An efficient, super-fast new method of turning waste biomass into hydrogen has been developed by scientists in Minnesota, US. The researchers say it could help significantly reduce many nations’ dependence on fossil fuels.
Hydrogen represents a cleaner alternative to fossil fuels but is both costly and dangerous to transport, leading many to argue that it must be generated in distributed fashion, rather than in centralised facilities. Anything that could lead to smaller and more portable hydrogen generation is likely to be welcomed by proponents of green energy.
The new process, developed by Lanny Schmidt, Brandon Dreyer and colleagues at the University of Minnesota’s Department of Chemical Engineering and Material Science, is known as “flash volatilisation”.
It relies on a simple but highly reactive chemical catalyst to break down biomass, such as agricultural waste, with heat. Not only does the process avoid the need to expend extra energy generating the heat needed, it also takes place up to 100 times more rapidly than existing techniques allow, the researchers claim.
Droplets of oil and sugar taken from biomass are sprayed into a small chamber containing a foam catalyst of rhodium and cerium. As the droplets hit the foam, volatile compounds within them oxidise (combust) to produce heat. This breaks down larger non-volatile compounds into a combination of hydrogen and carbon monoxide – a synthesis gas, or “syngas”.

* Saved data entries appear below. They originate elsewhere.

(* Let $K$ be a field, $A=\{\alpha_1,\dots,\alpha_m\}\subset K$ and $B=\{\beta_1,\dots,\beta_n\}\subset K$ finite sets with $|A|=m$, $|B|=n$, $f=\prod_{i=1}^m(x-\alpha_i)$, $g=\prod_{j=1}^n(x-\beta_j)$. Let $0\le d\le n-1$ with $d\le m$. Then $$\operatorname{Syl}_{0,d}(A,B)=\operatorname{Sres}_d(f,g).$$
   Context: For finite sets $Y,Z$, $\mathcal{R}(Y,Z):=\prod_{y\in Y,z\in Z}(y-z)$ (equal to $1$ if $Y$ or $Z$ is empty), and $\mathcal{R}(x,Z):=\mathcal{R}(\{x\},Z)$. For $0\le p\le m$, $0\le q\le n$, $$\operatorname{Syl}_{p,q}(A,B)(x):=\sum_{\substack{A'\subset A,\ B'\subset B\\ |A'|=p,\ |B'|=q}}\mathcal{R}(A',B')\,\mathcal{R}(A\setminus A',B\setminus B')\,\frac{\mathcal{R}(x,A')\,\mathcal{R}(x,B')}{\mathcal{R}(A',A\setminus A')\,\mathcal{R}(B',B\setminus B')}.$$ Write $f=\sum_{i=0}^m f_ix^i$, $g=\sum_{i=0}^ng_ix^i$ with $f_i=g_i=0$ outside the natural ranges. For $d\le\min\{m,n\}$ if $m\ne n$, or $d<m=n$, the $d$-th subresultant $\operatorname{Sres}_d(f,g)(x)$ is the determinant of the $(m+n-2d)\times(m+n-2d)$ matrix with rows $x^jf(x)$ for $j=n-d-1,\dots,0$ followed by rows $x^jg(x)$ for $j=m-d-1,\dots,0$, where the row corresponding to a polynomial $h=x^jf$ or $x^jg$ has as its first $m+n-2d-1$ entries the coefficients of $x^{m+n-d-1},x^{m+n-d-2},\dots,x^{d+1}$ in $h$, and as last entry the polynomial $h(x)$ itself. *)

From HB Require Import structures.
From mathcomp Require Import all_boot all_order all_algebra.
Set Implicit Arguments. Unset Strict Implicit. Unset Printing Implicit Defensive.
Import GRing.Theory.
Local Open Scope ring_scope.

(* Finite sets A = {a_0..a_(m-1)} are given by injective families a : 'I_m -> K;
   subsets A' of A are encoded by index subsets I : {set 'I_m}. *)

Definition Rset (K : fieldType) (m n : nat) (a : 'I_m -> K) (b : 'I_n -> K)
  (I : {set 'I_m}) (J : {set 'I_n}) : K :=
  \prod_(i in I) \prod_(j in J) (a i - b j).

Definition Rx (K : fieldType) (m : nat) (a : 'I_m -> K) (I : {set 'I_m}) : {poly K} :=
  \prod_(i in I) ('X - (a i)%:P).

Definition Syl (K : fieldType) (m n : nat) (a : 'I_m -> K) (b : 'I_n -> K)
  (p q : nat) : {poly K} :=
  \sum_(I : {set 'I_m} | #|I| == p) \sum_(J : {set 'I_n} | #|J| == q)
    ((Rset a b I J * Rset a b (~: I) (~: J))
       / (Rset a a I (~: I) * Rset b b J (~: J))) *: (Rx a I * Rx b J).

Definition Sres (K : fieldType) (d : nat) (f g : {poly K}) : {poly K} :=
  let m := (size f).-1 in
  let n := (size g).-1 in
  let N := (m + n - d.*2)%N in
  let h (i : nat) : {poly K} :=
    if (i < n - d)%N then 'X^(n - d - 1 - i) * f
    else 'X^(m - d - 1 - (i - (n - d))) * g in
  \det (\matrix_(i < N, j < N)
          (if (j < N - 1)%N then ((h i)`_(m + n - d - 1 - j))%:P else h i)).

(* Over K[x], let r_0, ..., r_(M-1), M = m + n - d, be the polynomials in a new variable Y
   given by (Y - x) Y^e for e < d, then Y^(n-d-1-i) f(Y), then Y^(m-d-1-i) g(Y).  For any two
   families psi, phi of M linear forms on polynomials of size at most M, the matrices
   [psi_j(r_i)] and [phi_j(r_i)] both factor through the coefficient matrix of the r_i, hence
   det [psi_j(r_i)] * det [phi_j(Y^i)] = det [phi_j(r_i)] * det [psi_j(Y^i)].
   With psi the coefficients of Y^1, ..., Y^d, the coefficients read by the columns of the
   subresultant matrix and the evaluation at Y = x, det [psi_j(r_i)] is Sres_d(f, g).  With phi
   the evaluations at the roots of g followed by the remaining coefficients, det [phi_j(Y^i)]
   is the Vandermonde determinant of B, and det [phi_j(r_i)] expands, by multilinearity in the
   rows, over the d-subsets J of B into products of Vandermonde determinants: these are the
   terms of Syl_(0,d)(A, B), each multiplied by the Vandermonde determinant of B. *)

From HB Require Import structures.
From mathcomp Require Import all_boot all_order all_algebra.
From mathcomp Require Import perm ring zify.
Set Implicit Arguments. Unset Strict Implicit. Unset Printing Implicit Defensive.
Import GRing.Theory.
Local Open Scope ring_scope.

Section NatIndexedMatrices.
Variable R : comNzRingType.

Definition nat_mx n (E : nat -> nat -> R) : 'M[R]_n := \matrix_(i < n, j < n) E i j.

Lemma eq_nat_mx n E E' : (forall i j, (i < n)%N -> (j < n)%N -> E i j = E' i j) ->
  nat_mx n E = nat_mx n E'.
Proof. by move=> eqE; apply/matrixP=> i j; rewrite !mxE eqE. Qed.

Lemma det_nat_mx_cast n n' E : n = n' -> \det (nat_mx n E) = \det (nat_mx n' E).
Proof. by move->. Qed.

Lemma det_nat_mx_tr n E : \det (nat_mx n E) = \det (nat_mx n (fun i j => E j i)).
Proof. by rewrite -det_tr; congr (\det _); apply/matrixP=> i j; rewrite !mxE. Qed.

Lemma det_lblockE a b (A : 'M[R]_(a + b)) :
  ursubmx A = 0 -> \det A = \det (ulsubmx A) * \det (drsubmx A).
Proof. by move=> A_ur0; rewrite -{1}[A]submxK A_ur0 det_lblock. Qed.

Lemma det_ublockE a b (A : 'M[R]_(a + b)) :
  dlsubmx A = 0 -> \det A = \det (ulsubmx A) * \det (drsubmx A).
Proof. by move=> A_dl0; rewrite -{1}[A]submxK A_dl0 det_ublock. Qed.

Lemma det_nat_mx_lblock a b E :
  (forall i j, (i < a)%N -> (a <= j < a + b)%N -> E i j = 0) ->
  \det (nat_mx (a + b) E) =
  \det (nat_mx a E) * \det (nat_mx b (fun i j => E (a + i) (a + j))%N).
Proof.
move=> E_ur0; rewrite det_lblockE; last first.
  apply/matrixP=> i j; rewrite !mxE E_ur0 //=.
  by rewrite leq_addr ltn_add2l ltn_ord.
by congr (_ * _); congr (\det _); apply/matrixP=> i j; rewrite !mxE.
Qed.

Lemma det_nat_mx_ublock a b E :
  (forall i j, (a <= i < a + b)%N -> (j < a)%N -> E i j = 0) ->
  \det (nat_mx (a + b) E) =
  \det (nat_mx a E) * \det (nat_mx b (fun i j => E (a + i) (a + j))%N).
Proof.
move=> E_dl0; rewrite det_ublockE; last first.
  apply/matrixP=> i j; rewrite !mxE E_dl0 //=.
  by rewrite leq_addr ltn_add2l ltn_ord.
by congr (_ * _); congr (\det _); apply/matrixP=> i j; rewrite !mxE.
Qed.

End NatIndexedMatrices.

Section LinearFunctionals.
Variable R : comNzRingType.
Implicit Types (psi : {poly R} -> R) (p : {poly R}).

Lemma linear_poly_expand psi n p : linear_for *%R psi -> (size p <= n)%N ->
  psi p = \sum_(e < n) p`_e * psi 'X^e.
Proof.
move=> psi_lin size_p.
have p_expand : p = \sum_(e < n) p`_e *: 'X^e.
  rewrite -poly_def; apply/polyP=> k; rewrite coef_poly.
  by case: ltnP => // le_nk; rewrite nth_default // (leq_trans size_p).
have psi0 : psi 0 = 0.
  have := psi_lin 1 0 0; rewrite scale1r addr0 mul1r => psi0D.
  by apply: (@addrI _ (psi 0)); rewrite addr0 -psi0D.
rewrite {1}p_expand; apply: (big_rec2 (fun u r => psi u = r)) => [//|e u r _ <-].
by rewrite psi_lin.
Qed.

Lemma linear_rows_mulmx M (r : nat -> {poly R}) (psi : nat -> {poly R} -> R) :
  (forall i, (i < M)%N -> (size (r i) <= M)%N) -> (forall j, linear_for *%R (psi j)) ->
  nat_mx M (fun i j => psi j (r i)) =
  nat_mx M (fun i e => (r i)`_e) *m nat_mx M (fun e j => psi j 'X^e).
Proof.
move=> size_r psi_lin; apply/matrixP=> i j.
rewrite !mxE (linear_poly_expand (psi_lin j) (size_r i (ltn_ord i))).
by apply: eq_bigr => e _; rewrite !mxE.
Qed.

Lemma det_linear_rows_cross M (r : nat -> {poly R}) (psi1 psi2 : nat -> {poly R} -> R) :
  (forall i, (i < M)%N -> (size (r i) <= M)%N) ->
  (forall j, linear_for *%R (psi1 j)) -> (forall j, linear_for *%R (psi2 j)) ->
  \det (nat_mx M (fun i j => psi1 j (r i))) * \det (nat_mx M (fun i j => psi2 j 'X^i)) =
  \det (nat_mx M (fun i j => psi2 j (r i))) * \det (nat_mx M (fun i j => psi1 j 'X^i)).
Proof.
move=> size_r psi1_lin psi2_lin.
rewrite !(linear_rows_mulmx size_r) // !det_mulmx; ring.
Qed.

End LinearFunctionals.

Section ReversalAndVandermonde.
Variable R : comNzRingType.

Definition rev_mx n : 'M[R]_n := \matrix_(i, j) ((i + j)%N == n.-1)%:R.

Lemma det_rev_mx n : \det (rev_mx n) = (-1) ^+ 'C(n, 2).
Proof.
elim: n => [|n IHn]; first by rewrite det_mx00.
rewrite (expand_det_row _ ord0) (bigD1 ord_max) //= big1 ?addr0; last first.
  move=> j /negbTE j_neq_max; rewrite !mxE add0n /=.
  by case: eqP => [j_max|]; [move: j_neq_max; rewrite -val_eqE /= j_max eqxx|rewrite mul0r].
rewrite !mxE add0n eqxx mul1r /cofactor.
have -> : row' ord0 (col' ord_max (rev_mx n.+1)) = rev_mx n.
  apply/matrixP=> i j; rewrite !mxE /= /bump leq0n (leqNgt n) ltn_ord add0n add1n addSn.
  by case: n i j {IHn} => [[]|n] i j //=; rewrite eqSS.
by rewrite IHn add0n -exprD binS bin1 addnC.
Qed.

Lemma mul_rev_mx n (A : 'M[R]_n) : rev_mx n *m A = \matrix_(i, j) A (rev_ord i) j.
Proof.
apply/matrixP=> i j; rewrite !mxE (bigD1 (rev_ord i)) //= big1 ?addr0.
  rewrite !mxE /=; have -> : (i + (n - i.+1) = n.-1)%N by have := ltn_ord i; lia.
  by rewrite eqxx mul1r.
move=> l /negbTE l_neq; rewrite !mxE; case: eqP => [il|]; last by rewrite mul0r.
move: l_neq; rewrite -val_eqE /=; have := ltn_ord i; have := ltn_ord l; lia.
Qed.

Lemma det_anti_unitrig n (U : 'M[R]_n) :
  (forall i j : 'I_n, (n <= i + j)%N -> U i j = 0) ->
  (forall i j : 'I_n, (i + j)%N = n.-1 -> U i j = 1) ->
  \det U = (-1) ^+ 'C(n, 2).
Proof.
move=> U_below U_anti; have : \det (rev_mx n *m U) = 1.
  rewrite mul_rev_mx det_trig.
    by apply: big1 => i _; rewrite !mxE U_anti //=; have := ltn_ord i; lia.
  by apply/is_trig_mxP=> i j lt_ij; rewrite !mxE U_below //=; have := ltn_ord i; lia.
rewrite det_mulmx det_rev_mx => /(congr1 ( *%R ((-1) ^+ 'C(n, 2)))).
by rewrite /= signrMK mulr1.
Qed.


Definition vdm_prod n (x : 'I_n -> R) : R :=
  \prod_(i < n) \prod_(j < n | (i < j)%N) (x j - x i).

Lemma det_powers_mx n (x : 'I_n -> R) :
  \det (\matrix_(i < n, j < n) x i ^+ j) = vdm_prod x.
Proof.
rewrite -det_tr (_ : _^T = Vandermonde n (\row_j x j)).
  by rewrite det_Vandermonde; apply: eq_bigr => i _; apply: eq_bigr => j _; rewrite !mxE.
by apply/matrixP=> i j; rewrite !mxE.
Qed.

Lemma det_rev_powers_mx n (x : 'I_n -> R) :
  \det (\matrix_(i < n, j < n) x i ^+ (n.-1 - j)) = (-1) ^+ 'C(n, 2) * vdm_prod x.
Proof.
have -> : \matrix_(i < n, j < n) x i ^+ (n.-1 - j) =
          (rev_mx n *m (\matrix_(i < n, j < n) x i ^+ j)^T)^T.
  by apply/matrixP=> i j; rewrite mul_rev_mx !mxE /=; congr (_ ^+ _); lia.
by rewrite det_tr det_mulmx det_rev_mx det_tr det_powers_mx.
Qed.

Lemma vdm_prod_perm n (x : 'I_n -> R) (s : 'S_n) :
  vdm_prod (fun i => x (s i)) = (-1) ^+ s * vdm_prod x.
Proof.
rewrite -!det_powers_mx -det_perm -det_mulmx -row_permE.
by congr (\det _); apply/matrixP=> i j; rewrite !mxE.
Qed.

Lemma vdm_prod_split a b (x : 'I_(a + b) -> R) :
  vdm_prod x = vdm_prod (fun i => x (lshift b i)) *
    \prod_(i < a) \prod_(j < b) (x (rshift a j) - x (lshift b i)) *
    vdm_prod (fun j => x (rshift a j)).
Proof.
rewrite /vdm_prod big_split_ord /= -big_split /=; congr (_ * _).
  apply: eq_bigr => i _; rewrite big_split_ord /=; congr (_ * _).
  by apply: eq_bigl => j /=; rewrite (leq_trans (ltn_ord i)) ?leq_addr.
apply: eq_bigr => i _; rewrite big_split_ord /= big_pred0 ?mul1r.
  by apply: eq_bigl => j /=; rewrite ltn_add2l.
by move=> j /=; rewrite ltnNge (leq_trans (ltnW (ltn_ord j))) ?leq_addr.
Qed.

End ReversalAndVandermonde.

Lemma perm_prefix n d (J : {set 'I_n}) : #|J| = d ->
  exists s : 'S_n, forall i, (s i \in J) = (i < d)%N.
Proof.
move=> cardJ; pose sq := enum J ++ enum (~: J).
have size_sq : size sq = n by rewrite size_cat -!cardE cardsC card_ord.
have uniq_sq : uniq sq.
  rewrite cat_uniq !enum_uniq /= andbT; apply/hasPn => x.
  by rewrite !mem_enum inE => /negbTE ->.
pose F (i : 'I_n) := nth i sq i.
have F_inj : injective F.
  move=> i j; rewrite /F (set_nth_default i j) ?size_sq //.
  by move/eqP; rewrite nth_uniq ?size_sq // => /eqP /val_inj.
exists (perm F_inj) => i; rewrite permE /F nth_cat -cardE cardJ.
case: ifP => lt_id; first by rewrite -mem_enum mem_nth // -cardE cardJ.
have cardCJ : #|~: J| = (n - d)%N by rewrite cardsCs setCK card_ord cardJ.
have : nth i (enum (~: J)) (i - d) \in enum (~: J).
  by rewrite mem_nth // -cardE cardCJ; have := ltn_ord i; move: lt_id; lia.
by rewrite mem_enum inE => /negbTE.
Qed.

Section RowSplitExpansion.
Variable R : comNzRingType.

Lemma det_add_rows n (A B : 'M[R]_n) :
  \det (A + B) =
  \sum_(J : {set 'I_n}) \det (\matrix_(i, j) if i \in J then A i j else B i j).
Proof.
rewrite /determinant.
transitivity (\sum_(s : 'S_n) \sum_(J in {set 'I_n})
  (-1) ^+ s * \prod_i (if i \in J then A i (s i) else B i (s i))).
  apply: eq_bigr => s _; rewrite -mulr_sumr -bigA_distr.
  by congr (_ * _); apply: eq_bigr => i _; rewrite mxE.
rewrite exchange_big; apply: eq_bigr => J _; apply: eq_bigr => s _.
by congr (_ * _); apply: eq_bigr => i _; rewrite mxE.
Qed.

Variables d p : nat.
Implicit Types (J : {set 'I_(d + p)}) (w v : 'I_(d + p) -> nat -> R).

Definition split_mx J w v : 'M[R]_(d + p) :=
  \matrix_(k, j) if k \in J then (if (j < d)%N then w k j else 0)
                 else (if (j < d)%N then 0 else v k (j - d)%N).

(* Scaling the first d columns or the rows in J by 'X both turn split_mx into the same
   matrix, so its determinant satisfies D 'X^d = 'X^#|J| D. *)
Lemma det_split_mx_eq0 J w v : #|J| != d -> \det (split_mx J w v) = 0.
Proof.
move=> cardJ; set N := split_mx J w v.
pose N2 := map_mx (@polyC R) N.
pose Dc := diag_mx (\row_(j < d + p) (if (j < d)%N then 'X else 1 : {poly R})).
pose Dr := diag_mx (\row_(k < d + p) (if k \in J then 'X else 1 : {poly R})).
have N2_comm : N2 *m Dc = Dr *m N2.
  apply/matrixP=> k j; rewrite mul_mx_diag mul_diag_mx !mxE.
  by case: (k \in J); case: (j < d)%N; rewrite ?rmorph0 ?mulr0 ?mul0r ?mulr1 ?mul1r // mulrC.
have := congr1 determinant N2_comm; rewrite !det_mulmx !det_diag det_map_mx.
have -> : \prod_(i < d + p) (\row_(j < d + p) (if (j < d)%N then 'X else 1 : {poly R})) 0 i = 'X^d.
  rewrite big_split_ord /= [X in _ * X]big1 ?mulr1; last first.
    by move=> i _; rewrite !mxE /= ltnNge leq_addr.
  rewrite (eq_bigr (fun _ => 'X)) ?prodr_const ?card_ord // => i _.
  by rewrite !mxE /= ltn_ord.
have -> : \prod_(i < d + p) (\row_(k < d + p) (if k \in J then 'X else 1 : {poly R})) 0 i = 'X^#|J|.
  rewrite (eq_bigr (fun i => if i \in J then 'X else 1)); last by move=> i _; rewrite !mxE.
  by rewrite -big_mkcond prodr_const.
move/(congr1 (fun P : {poly R} => P`_d)).
rewrite coefCM coefXn eqxx mulr1 mulrC coefCM coefXn.
by rewrite eq_sym (negbTE cardJ) mulr0.
Qed.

The deceptively simple process relies on a complex chemical trick. Normally, when a volatile droplet hits a hot surface it vaporises so rapidly that an insulating layer of gas emerges between itself and the surface, preventing it from being heated. Here, however, the porous nature of the foam used causes heat to be transferred to the droplets, while also drawing syngas down through the catalyst.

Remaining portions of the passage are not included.